BEGIN DATA IN THIS EXERCISE

Lemma aligned_of_noncrossing (P R : gpath V E) : ~~ crossing P R -> aligned P R.
Proof.
move=> noncross u v neq_uv /and3P [uP _ _] /and3P [uR _ _] /and3P [vP _ _] /and3P [vR _ _].
have no_cross x y : x \in gverts P -> y \in gverts P -> x \in gverts R -> y \in gverts R ->
    index x (gverts P) < index y (gverts P) -> index y (gverts R) < index x (gverts R) -> False.
  move=> xP yP xR yR xy yx; move/negP: noncross; apply; apply/existsP; exists x.
  by apply/existsP; exists y; rewrite xP yP xR yR xy yx.
have neq_index (Q : gpath V E) : u \in gverts Q -> v \in gverts Q ->
    index u (gverts Q) != index v (gverts Q).
  by move=> uQ vQ; apply: contra neq_uv => /eqP /(index_inj u uQ vQ) ->.
have neqP := neq_index P uP vP; have neqR := neq_index R uR vR.
case: (ltngtP (index u (gverts P))) neqP => [ltP|gtP|->]; rewrite ?eqxx // => _.
  case: (ltngtP (index u (gverts R))) neqR => [ltR|gtR|->]; rewrite ?eqxx // => _.
    exact: subz_mul_gt0.
  by case: (no_cross u v uP vP uR vR ltP gtR).
case: (ltngtP (index u (gverts R))) neqR => [ltR|gtR|->]; rewrite ?eqxx // => _.
  by case: (no_cross v u vP uP vR uR gtP ltR).
by rewrite -mulrNN !opprB subz_mul_gt0.
Qed.

End Uncrossing.

Section Families.

Variables (V E : finType) (ends : E -> V * V) (A B : {set V}) (k : nat).
Implicit Types Q : 'I_k -> gpath V E.

Definition ABlinkage Q :=
  (forall i, is_ABpath ends A B (Q i)) /\ pairwise_edge_disjoint Q.

Definition lies_in_union Q' Q :=
  (forall i e, e \in gedges (Q' i) -> exists j, e \in gedges (Q j)) /\
  (forall i x, x \in gverts (Q' i) -> exists j, x \in gverts (Q j)).

Definition total_length Q := \sum_(l < k) size (gsteps (Q l)).

Definition replace2 Q (i j : 'I_k) (P R : gpath V E) : 'I_k -> gpath V E :=
  fun l => if l == i then P else if l == j then R else Q l.

Lemma lies_in_union_trans Q1 Q2 Q3 :
  lies_in_union Q1 Q2 -> lies_in_union Q2 Q3 -> lies_in_union Q1 Q3.
Proof.
move=> [edges12 verts12] [edges23 verts23]; split.
  by move=> i e /edges12 [j /edges23].
by move=> i x /verts12 [j /verts23].
Qed.

Lemma total_length_replace2 Q i j P R : i != j ->
  total_length (replace2 Q i j P R) + size (gsteps (Q i)) + size (gsteps (Q j)) =
  total_length Q + size (gsteps P) + size (gsteps R).
Proof.
move=> neq_ij; have neq_ji : j != i by rewrite eq_sym.
rewrite /total_length (bigD1 i) // (bigD1 j) //= [in RHS](bigD1 i) // [in RHS](bigD1 j) //=.
rewrite (eq_bigr (fun l => size (gsteps (Q l)))) => [|l /andP [li lj]]; last first.
  by rewrite /replace2 (negbTE li) (negbTE lj).
rewrite /replace2 eqxx (negbTE neq_ji) eqxx.
set rest := \sum_(_ < k | _) _; lia.
Qed.

Lemma replace2_edge_disjoint Q i j P R :
  pairwise_edge_disjoint Q -> i != j -> edge_disjoint P R ->
  gedges P \subset gedges (Q i) ++ gedges (Q j) ->
  gedges R \subset gedges (Q i) ++ gedges (Q j) ->
  pairwise_edge_disjoint (replace2 Q i j P R).
Proof.
move=> disjQ neq_ij disjPR subP subR.
have disj_other m : m != i -> m != j ->
    [disjoint gedges (Q i) ++ gedges (Q j) & gedges (Q m)].
  by move=> mi mj; rewrite disjoint_cat; apply/andP; split; apply: disjQ; rewrite eq_sym.
have sub_ij l : (l == i) || (l == j) ->
    gedges (replace2 Q i j P R l) \subset gedges (Q i) ++ gedges (Q j).
  by rewrite /replace2; case: (l == i) => //= ->.
have other l : ~~ ((l == i) || (l == j)) -> replace2 Q i j P R l = Q l.
  by rewrite /replace2 negb_or => /andP [/negbTE -> /negbTE ->].
suff half l m : l != m -> (l == i) || (l == j) ->
    edge_disjoint (replace2 Q i j P R l) (replace2 Q i j P R m).
  move=> l m lm; have [lij|lNij] := boolP ((l == i) || (l == j)); first exact: half.
  have [mij|mNij] := boolP ((m == i) || (m == j)).
    by rewrite /edge_disjoint disjoint_sym; apply: half; rewrite // eq_sym.
  by rewrite !other //; apply: disjQ.
move=> lm lij; have [mij|mNij] := boolP ((m == i) || (m == j)).
  have at_i : replace2 Q i j P R i = P by rewrite /replace2 eqxx.
  have at_j : replace2 Q i j P R j = R by rewrite /replace2 eq_sym (negbTE neq_ij) eqxx.
  move: lm; case/orP: lij => /eqP ->; case/orP: mij => /eqP ->; rewrite ?eqxx // => _.
    by rewrite at_i at_j.
  by rewrite at_i at_j /edge_disjoint disjoint_sym.
rewrite (other m mNij) /edge_disjoint; apply: disjointWl (sub_ij l lij) _.
by move: mNij; rewrite negb_or => /andP [mi mj]; apply: disj_other.
Qed.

END DATA IN THIS EXERCISE

**TRY IT:** Your job is to give the data above again exactly, in full.

**EXPECTED ANSWER:**
Lemma aligned_of_noncrossing (P R : gpath V E) : ~~ crossing P R -> aligned P R.
Proof.
move=> noncross u v neq_uv /and3P [uP _ _] /and3P [uR _ _] /and3P [vP _ _] /and3P [vR _ _].
have no_cross x y : x \in gverts P -> y \in gverts P -> x \in gverts R -> y \in gverts R ->
    index x (gverts P) < index y (gverts P) -> index y (gverts R) < index x (gverts R) -> False.
  move=> xP yP xR yR xy yx; move/negP: noncross; apply; apply/existsP; exists x.
  by apply/existsP; exists y; rewrite xP yP xR yR xy yx.
have neq_index (Q : gpath V E) : u \in gverts Q -> v \in gverts Q ->
    index u (gverts Q) != index v (gverts Q).
  by move=> uQ vQ; apply: contra neq_uv => /eqP /(index_inj u uQ vQ) ->.
have neqP := neq_index P uP vP; have neqR := neq_index R uR vR.
case: (ltngtP (index u (gverts P))) neqP => [ltP|gtP|->]; rewrite ?eqxx // => _.
  case: (ltngtP (index u (gverts R))) neqR => [ltR|gtR|->]; rewrite ?eqxx // => _.
    exact: subz_mul_gt0.
  by case: (no_cross u v uP vP uR vR ltP gtR).
case: (ltngtP (index u (gverts R))) neqR => [ltR|gtR|->]; rewrite ?eqxx // => _.
  by case: (no_cross v u vP uP vR uR gtP ltR).
by rewrite -mulrNN !opprB subz_mul_gt0.
Qed.

End Uncrossing.

Section Families.

Variables (V E : finType) (ends : E -> V * V) (A B : {set V}) (k : nat).
Implicit Types Q : 'I_k -> gpath V E.

Definition ABlinkage Q :=
  (forall i, is_ABpath ends A B (Q i)) /\ pairwise_edge_disjoint Q.

Definition lies_in_union Q' Q :=
  (forall i e, e \in gedges (Q' i) -> exists j, e \in gedges (Q j)) /\
  (forall i x, x \in gverts (Q' i) -> exists j, x \in gverts (Q j)).

Definition total_length Q := \sum_(l < k) size (gsteps (Q l)).

Definition replace2 Q (i j : 'I_k) (P R : gpath V E) : 'I_k -> gpath V E :=
  fun l => if l == i then P else if l == j then R else Q l.

Lemma lies_in_union_trans Q1 Q2 Q3 :
  lies_in_union Q1 Q2 -> lies_in_union Q2 Q3 -> lies_in_union Q1 Q3.
Proof.
move=> [edges12 verts12] [edges23 verts23]; split.
  by move=> i e /edges12 [j /edges23].
by move=> i x /verts12 [j /verts23].
Qed.

Lemma total_length_replace2 Q i j P R : i != j ->
  total_length (replace2 Q i j P R) + size (gsteps (Q i)) + size (gsteps (Q j)) =
  total_length Q + size (gsteps P) + size (gsteps R).
Proof.
move=> neq_ij; have neq_ji : j != i by rewrite eq_sym.
rewrite /total_length (bigD1 i) // (bigD1 j) //= [in RHS](bigD1 i) // [in RHS](bigD1 j) //=.
rewrite (eq_bigr (fun l => size (gsteps (Q l)))) => [|l /andP [li lj]]; last first.
  by rewrite /replace2 (negbTE li) (negbTE lj).
rewrite /replace2 eqxx (negbTE neq_ji) eqxx.
set rest := \sum_(_ < k | _) _; lia.
Qed.

Lemma replace2_edge_disjoint Q i j P R :
  pairwise_edge_disjoint Q -> i != j -> edge_disjoint P R ->
  gedges P \subset gedges (Q i) ++ gedges (Q j) ->
  gedges R \subset gedges (Q i) ++ gedges (Q j) ->
  pairwise_edge_disjoint (replace2 Q i j P R).
Proof.
move=> disjQ neq_ij disjPR subP subR.
have disj_other m : m != i -> m != j ->
    [disjoint gedges (Q i) ++ gedges (Q j) & gedges (Q m)].
  by move=> mi mj; rewrite disjoint_cat; apply/andP; split; apply: disjQ; rewrite eq_sym.
have sub_ij l : (l == i) || (l == j) ->
    gedges (replace2 Q i j P R l) \subset gedges (Q i) ++ gedges (Q j).
  by rewrite /replace2; case: (l == i) => //= ->.
have other l : ~~ ((l == i) || (l == j)) -> replace2 Q i j P R l = Q l.
  by rewrite /replace2 negb_or => /andP [/negbTE -> /negbTE ->].
suff half l m : l != m -> (l == i) || (l == j) ->
    edge_disjoint (replace2 Q i j P R l) (replace2 Q i j P R m).
  move=> l m lm; have [lij|lNij] := boolP ((l == i) || (l == j)); first exact: half.
  have [mij|mNij] := boolP ((m == i) || (m == j)).
    by rewrite /edge_disjoint disjoint_sym; apply: half; rewrite // eq_sym.
  by rewrite !other //; apply: disjQ.
move=> lm lij; have [mij|mNij] := boolP ((m == i) || (m == j)).
  have at_i : replace2 Q i j P R i = P by rewrite /replace2 eqxx.
  have at_j : replace2 Q i j P R j = R by rewrite /replace2 eq_sym (negbTE neq_ij) eqxx.
  move: lm; case/orP: lij => /eqP ->; case/orP: mij => /eqP ->; rewrite ?eqxx // => _.
    by rewrite at_i at_j.
  by rewrite at_i at_j /edge_disjoint disjoint_sym.
rewrite (other m mNij) /edge_disjoint; apply: disjointWl (sub_ij l lij) _.
by move: mNij; rewrite negb_or => /andP [mi mj]; apply: disj_other.
Qed.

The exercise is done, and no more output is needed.